ASSIGNED TASK:
Reproduce the first line of the material below and each line after it, exactly, through the line containing "rewrite subr0 mulmxBr", and give nothing more.

SUPPLIED MATERIAL:
Lemma det_pencil_neq0 A B : A \in unitmx -> det_pencil A B != 0.
Proof.
apply: contraL => /eqP pencil0; have := horner_det_pencil A B 0.
by rewrite pencil0 horner0 scale0r addr0 unitmxE unitfE => <-; rewrite eqxx.
Qed.

End DetPencil.

Section Stabilizer.
Variables (K : fieldType) (n : nat) (X : 'M[K]_n) (w : 'cV[K]_n).
Local Notation pairT := ('M[K]_n * 'cV[K]_n)%type.
Local Notation one := ((1%:M, 0) : pairT).

Lemma stabuE p : stabu (X, w) p <-> p.1 \in unitmx /\ centu (X, w) (p - one).
Proof.
case: p => g v; rewrite /stabu /in_Gu /Adu /centu /bracketu /=.
rewrite subr0 mulmxBr !mulmxBl mulmx1 !mul1mx opprB addrA subrK !pair_equal_spec.
have commE : g \in unitmx -> g *m X *m invmx g = X <-> X *m g - g *m X = 0.
  move=> gu; split => [E | /subr0_eq E]; last by rewrite -E mulmxK.
  by rewrite -{1}E mulmxKV // subrr.
have vecE a b c : - a + b = c <-> a - (b - c) = 0 :> 'cV[K]_n.
  split=> [<- | /subr0_eq ->]; last by rewrite opprB subrK.
  by rewrite [- a + b]addrC subKr subrr.
split=> -[gu [E1 E2]]; do !split => //; try exact/commE.
  by rewrite E1 in E2; apply: (vecE _ _ _).1.
by rewrite ((commE gu).2 E1); apply: (vecE _ _ _).2.
Qed.

Lemma stabu1 : stabu (X, w) one.
Proof. by apply/stabuE; rewrite unitmx1 subrr; split=> //; apply: centu0. Qed.

End Stabilizer.

Section StabilizerGeometry.
Variables (K : closedFieldType) (n : nat) (X : 'M[K]_n) (w : 'cV[K]_n).
Local Notation N := (n * n + n)%N.
Local Notation pairT := ('M[K]_n * 'cV[K]_n)%type.
Local Notation one := ((1%:M, 0) : pairT).

Lemma stabu_generic_line p b :
  stabu (X, w) p -> centu (X, w) b -> generic_line (stabu (X, w)) p b.
Proof.
move=> /stabuE [pu cp] cb; exists (det_pencil p.1 b.1); first exact: det_pencil_neq0.
move=> t; rewrite horner_det_pencil -unitfE -unitmxE => ut.
by apply/stabuE; split=> //; rewrite addrAC; apply: centu_line.
Qed.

COMPLETED TASK:
Lemma det_pencil_neq0 A B : A \in unitmx -> det_pencil A B != 0.
Proof.
apply: contraL => /eqP pencil0; have := horner_det_pencil A B 0.
by rewrite pencil0 horner0 scale0r addr0 unitmxE unitfE => <-; rewrite eqxx.
Qed.

End DetPencil.

Section Stabilizer.
Variables (K : fieldType) (n : nat) (X : 'M[K]_n) (w : 'cV[K]_n).
Local Notation pairT := ('M[K]_n * 'cV[K]_n)%type.
Local Notation one := ((1%:M, 0) : pairT).

Lemma stabuE p : stabu (X, w) p <-> p.1 \in unitmx /\ centu (X, w) (p - one).
Proof.
case: p => g v; rewrite /stabu /in_Gu /Adu /centu /bracketu /=.
rewrite subr0 mulmxBr !mulmxBl mulmx1 !mul1mx opprB addrA subrK !pair_equal_spec.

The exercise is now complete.